Diese Maßnahme sollten über mehrere Wochen wiederholt werden.

Bei starkem Befall ist der Einsatz natürlicher Feinde der Kleidermotte möglich. Die Schlupfwespe (Trichogramma evanescens) ist ein natürlicher Feinde der Kleidermotten.

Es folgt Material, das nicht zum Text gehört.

(* Let $\Lambda$ be a torsion-free group generated by elements $f,g,h$ with $[f,h]\ne1$ and $[f,g]=1$, and let $G=\langle g,h\rangle\le\Lambda$. Suppose $G$ is non-trivial, $g\ne1$, $h\ne1$, and that if $G$ is cyclic then $g=h^n$ for some $n\in\mathbb{Z}$ with $|n|>1$. Then there exists a finitely generated torsion-free group $\Gamma$ such that: (1) $G$ embeds as a subgroup of $\Gamma$ (we identify $g,h$ with their images); (2) there exist distinct elements $a,b\in\Gamma\setminus\{1\}$ centralizing $g$; (3) the commutator $[a,[b,h]]$ is non-trivial and centralizes $g$.
   Context: $[x,y]$ denotes the group commutator. *)

From Stdlib Require Import ZArith List.
Set Implicit Arguments.

Record group := Group {
  gcar :> Type;
  gmul : gcar -> gcar -> gcar;
  gone : gcar;
  ginv : gcar -> gcar;
  gmulA : forall x y z, gmul x (gmul y z) = gmul (gmul x y) z;
  gmul1g : forall x, gmul gone x = x;
  gmulVg : forall x, gmul (ginv x) x = gone
}.

Arguments gmul {g}.
Arguments gone {g}.
Arguments ginv {g}.

Section GroupDefs.
Variable G : group.

Fixpoint gpow (x : G) (n : nat) : G :=
  match n with O => gone | S m => gmul x (gpow x m) end.

Definition gpowz (x : G) (n : Z) : G :=
  match n with
  | Z0 => gone
  | Zpos p => gpow x (Pos.to_nat p)
  | Zneg p => ginv (gpow x (Pos.to_nat p))
  end.

Definition comm (x y : G) : G := gmul (gmul (ginv x) (ginv y)) (gmul x y).

Definition commute (x y : G) : Prop := gmul x y = gmul y x.

Definition torsion_free : Prop :=
  forall (x : G) (n : nat), (0 < n)%nat -> gpow x n = gone -> x = gone.

Inductive gen (S : G -> Prop) : G -> Prop :=
  | gen_in : forall x, S x -> gen S x
  | gen_one : gen S gone
  | gen_inv : forall x, gen S x -> gen S (ginv x)
  | gen_mul : forall x y, gen S x -> gen S y -> gen S (gmul x y).

Definition finitely_generated : Prop :=
  exists s : list G, forall x : G, gen (fun y => In y s) x.

Definition cyclic_subgroup (H : G -> Prop) : Prop :=
  exists c : G, H c /\ forall x : G, H x <-> exists n : Z, x = gpowz c n.

End GroupDefs.

Arguments gen {G}.
Arguments gpow {G}.
Arguments gpowz {G}.
Arguments comm {G}.
Arguments commute {G}.
Arguments cyclic_subgroup {G}.

Definition embeds_on {A B : group} (H : A -> Prop) (phi : A -> B) : Prop :=
  (forall x y, H x -> H y -> phi (gmul x y) = gmul (phi x) (phi y)) /\
  (forall x y, H x -> H y -> phi x = phi y -> x = y).

(* Embed L in the unrestricted wreath product L^L ⋊ L.  For C = <g>, let a and b
   be the functions equal to h and f on C and to 1 off C; being invariant under right
   translation by g, they commute with g.  Torsion-freeness and the hypothesis on the
   cyclic case give h ∉ C, so [b, h] equals f^-1 on C, and [a, [b, h]] is the function
   equal to [h, f^-1] ≠ 1 on C and to 1 off C, again g-invariant.  Take
   Γ = <g, h, a, b>, torsion-free because the wreath product is. *)

From Stdlib Require Import ZArith List Lia.
From Stdlib Require Import FunctionalExtensionality ProofIrrelevance ClassicalEpsilon.
Import ListNotations.
Set Implicit Arguments.

Arguments gmulA {g}. Arguments gmul1g {g}. Arguments gmulVg {g}.

Section GroupFacts.
Variable G : group.
Implicit Types x y : G.

Lemma mulgV x : gmul x (ginv x) = gone.
Proof.
  rewrite <- (gmul1g (gmul x (ginv x))), <- (gmulVg (ginv x)) at 1.
  rewrite <- gmulA, (gmulA (ginv x) x), gmulVg, gmul1g.
  apply gmulVg.
Qed.

Lemma mulg1 x : gmul x gone = x.
Proof. rewrite <- (gmulVg x), gmulA, mulgV, gmul1g. reflexivity. Qed.

Lemma mulg_eq1 x y : gmul x y = gone -> x = ginv y.
Proof. intro E. rewrite <- (mulg1 x), <- (mulgV y), gmulA, E, gmul1g. reflexivity. Qed.

Lemma mulg_idem x : gmul x x = x -> x = gone.
Proof.
  intro E. assert (E' : gmul (ginv x) (gmul x x) = gmul (ginv x) x) by (rewrite E; reflexivity).
  rewrite gmulA, !gmulVg, gmul1g in E'. exact E'.
Qed.

Lemma invgK x : ginv (ginv x) = x.
Proof. symmetry. apply mulg_eq1, mulgV. Qed.

Lemma inv1 : ginv (@gone G) = gone.
Proof. symmetry. apply mulg_eq1, mulg1. Qed.

Lemma invMg x y : ginv (gmul x y) = gmul (ginv y) (ginv x).
Proof.
  symmetry. apply mulg_eq1.
  rewrite <- gmulA, (gmulA (ginv x) x), gmulVg, gmul1g. apply gmulVg.
Qed.

Lemma comm_eq1 x y : comm x y = gone <-> commute x y.
Proof.
  unfold comm, commute. split; intro E.
  - apply mulg_eq1, (f_equal ginv) in E. rewrite invMg, !invgK in E. symmetry. exact E.
  - rewrite E, <- gmulA, (gmulA (ginv y) y), gmulVg, gmul1g. apply gmulVg.
Qed.

Lemma commuteV x y : commute x y -> commute x (ginv y).
Proof.
  unfold commute. intro E.
  assert (E' : gmul (ginv y) (gmul (gmul x y) (ginv y)) = gmul (ginv y) (gmul (gmul y x) (ginv y)))
    by (rewrite E; reflexivity).
  rewrite <- !gmulA, mulgV, mulg1, !gmulA, gmulVg, gmul1g in E'. symmetry. exact E'.
Qed.

Lemma comm1g y : comm gone y = gone.
Proof. apply comm_eq1. unfold commute. rewrite gmul1g, mulg1. reflexivity. Qed.

Lemma commg1 x : comm x gone = gone.
Proof. apply comm_eq1. unfold commute. rewrite gmul1g, mulg1. reflexivity. Qed.

Lemma commgg x : comm x x = gone.
Proof. apply comm_eq1. reflexivity. Qed.

End GroupFacts.

Section Powers.
Variable G : group.
Implicit Types x : G.

Lemma gpowSr x n : gpow x (S n) = gmul (gpow x n) x.
Proof.
  induction n as [|n IH]; simpl in *.
  - rewrite mulg1, gmul1g. reflexivity.
  - rewrite IH, gmulA, IH. reflexivity.
Qed.

Lemma gpowzS x k : gpowz x (Z.succ k) = gmul (gpowz x k) x.
Proof.
  destruct k as [|p|p]; simpl.
  - rewrite mulg1, gmul1g. reflexivity.
  - rewrite Pos.add_1_r, Pos2Nat.inj_succ, gpowSr. reflexivity.
  - destruct (Pos.succ_pred_or p) as [->|Hp].
    + simpl. rewrite mulg1, gmulVg. reflexivity.
    + rewrite <- Hp.
      change (Z.pos_sub 1 (Pos.succ (Pos.pred p))) with (Z.succ (Zneg (Pos.succ (Pos.pred p)))).
      replace (Z.succ (Zneg (Pos.succ (Pos.pred p)))) with (Zneg (Pos.pred p)) by lia.
      simpl. rewrite Pos2Nat.inj_succ. simpl.
      rewrite invMg, <- gmulA, gmulVg, mulg1. reflexivity.
Qed.

Lemma gpowzP x k : gpowz x (Z.pred k) = gmul (gpowz x k) (ginv x).
Proof.
  rewrite <- (Z.succ_pred k) at 2. rewrite gpowzS, <- gmulA, mulgV, mulg1. reflexivity.
Qed.

Lemma gpowzD x j k : gpowz x (j + k) = gmul (gpowz x j) (gpowz x k).
Proof.
  revert j. induction k as [|k IH|k IH] using Z.peano_ind; intro j.
  - rewrite Z.add_0_r. simpl. rewrite mulg1. reflexivity.
  - rewrite Z.add_succ_r, !gpowzS, IH, gmulA. reflexivity.
  - rewrite Z.add_pred_r, !gpowzP, IH, gmulA. reflexivity.
Qed.

Lemma gpowzN x k : gpowz x (- k) = ginv (gpowz x k).
Proof. apply mulg_eq1. rewrite <- gpowzD, Z.add_opp_diag_l. reflexivity. Qed.

Lemma gpowzM x j k : gpowz (gpowz x j) k = gpowz x (j * k).
Proof.
  induction k as [|k IH|k IH] using Z.peano_ind.
  - rewrite Z.mul_0_r. reflexivity.
  - rewrite gpowzS, IH, <- gpowzD, Z.mul_succ_r. reflexivity.
  - rewrite gpowzP, IH, <- gpowzN, <- gpowzD, Z.mul_pred_r. reflexivity.
Qed.

Lemma gpowz1 x : gpowz x 1 = x.
Proof. apply mulg1. Qed.

Lemma gpowz_fixed x k : torsion_free G -> k <> 1%Z -> gpowz x k = x -> x = gone.
Proof.
  intros T Hk E.
  assert (E1 : gpowz x (k - 1) = gone).
  { rewrite Z.sub_1_r, gpowzP, E. apply mulgV. }
  destruct (k - 1)%Z as [|p|p] eqn:Ek; [lia| |].
  - exact (T x (Pos.to_nat p) ltac:(lia) E1).
  - apply (T x (Pos.to_nat p)); [lia|].
    rewrite <- (invgK _ (gpow x _)). simpl in E1. rewrite E1. apply inv1.
Qed.

Lemma gen_cycle x y : gen (fun z => z = x) y <-> exists k, y = gpowz x k.
Proof.
  split.
  - induction 1 as [y ->| |y _ [k ->]|y z _ [j ->] _ [k ->]].
    + exists 1%Z. symmetry. apply gpowz1.
    + exists 0%Z. reflexivity.
    + exists (- k)%Z. symmetry. apply gpowzN.
    + exists (j + k)%Z. symmetry. apply gpowzD.
  - intros [k ->].
    assert (Hn : forall n, gen (fun z => z = x) (gpow x n)).
    { induction n; simpl; [apply gen_one | apply gen_mul; [apply gen_in|]; auto]. }
    destruct k; simpl; [apply gen_one | apply Hn | apply gen_inv, Hn].
Qed.

End Powers.

Section MorphismOnGen.
Variables A B : group.
Variable S : A -> Prop.
Variable m : A -> B.
Hypothesis m_mul : forall x y, gen S x -> gen S y -> m (gmul x y) = gmul (m x) (m y).

Lemma morph1_on : m gone = gone.
Proof. apply mulg_idem. rewrite <- m_mul by apply gen_one. rewrite gmul1g. reflexivity. Qed.

Lemma morphV_on x : gen S x -> m (ginv x) = ginv (m x).
Proof.
  intro Sx. apply mulg_eq1.
  rewrite <- m_mul by (try apply gen_inv; exact Sx). rewrite gmulVg. apply morph1_on.
Qed.

Lemma gen_morph_on (T : B -> Prop) :
  (forall x, S x -> gen T (m x)) -> forall x, gen S x -> gen T (m x).
Proof.
  intros HT x Sx. induction Sx as [x Sx| |x Sx IH|x y Sx IHx Sy IHy].
  - exact (HT x Sx).
  - rewrite morph1_on. apply gen_one.
  - rewrite morphV_on by exact Sx. apply gen_inv, IH.
  - rewrite m_mul by assumption. apply gen_mul; assumption.
Qed.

Bei einer Größe von nur etwa 0,4 mm handelt es sich um sehr kleine Insekten, die weder für Menschen, noch für Haustiere gefährlich oder lästig sind. Sie legen ihre Eier in die Motteneier. Diese sterben dadurch ab. Stehen keine Motteneier mehr für die Eiablage zur Verfügung, verschwinden die Nützlinge. Der Handel bietet Kärtchen mit den lebenden Schlupfwespen an, die in die betroffenen Schränke oder Räume gelegt und über einen Zeitraum von rund viereinhalb Monaten bis zu sechsmal erneuert werden müssen.

Da die hier empfohlenen Maßnahmen in der Regel über einen längeren Zeitraum erfolgen beziehungsweise wiederholt werden müssen und unterschiedlich gut gegen die verschiedenen Entwicklungsstadien wirken, ist es ratsam eine Kombination der verschiedenen Maßnahmen, sowie eine Erfolgskontrolle unter Verwendung von Lockstoff-Fallen vorzunehmen.

Auf die Verwendung chemischer Mittel, sogenannter Biozide, sollte soweit möglich verzichtet werden, zumal meistens die Kombination von Vorsorgemaßnahmen und nicht-chemischen Bekämpfungsmaßnahmen ausreicht. Bei hartnäckigem, wiederkehrendem Befall sollte die Befallsquelle bestimmt und gegebenenfalls ein sachkundiger Schädlingsbekämpfer zu Rate gezogen werden. Dieser kann die Schädlingsart sowie den Befallsgrad genau bestimmen und geeignete Maßnahmen durchführen.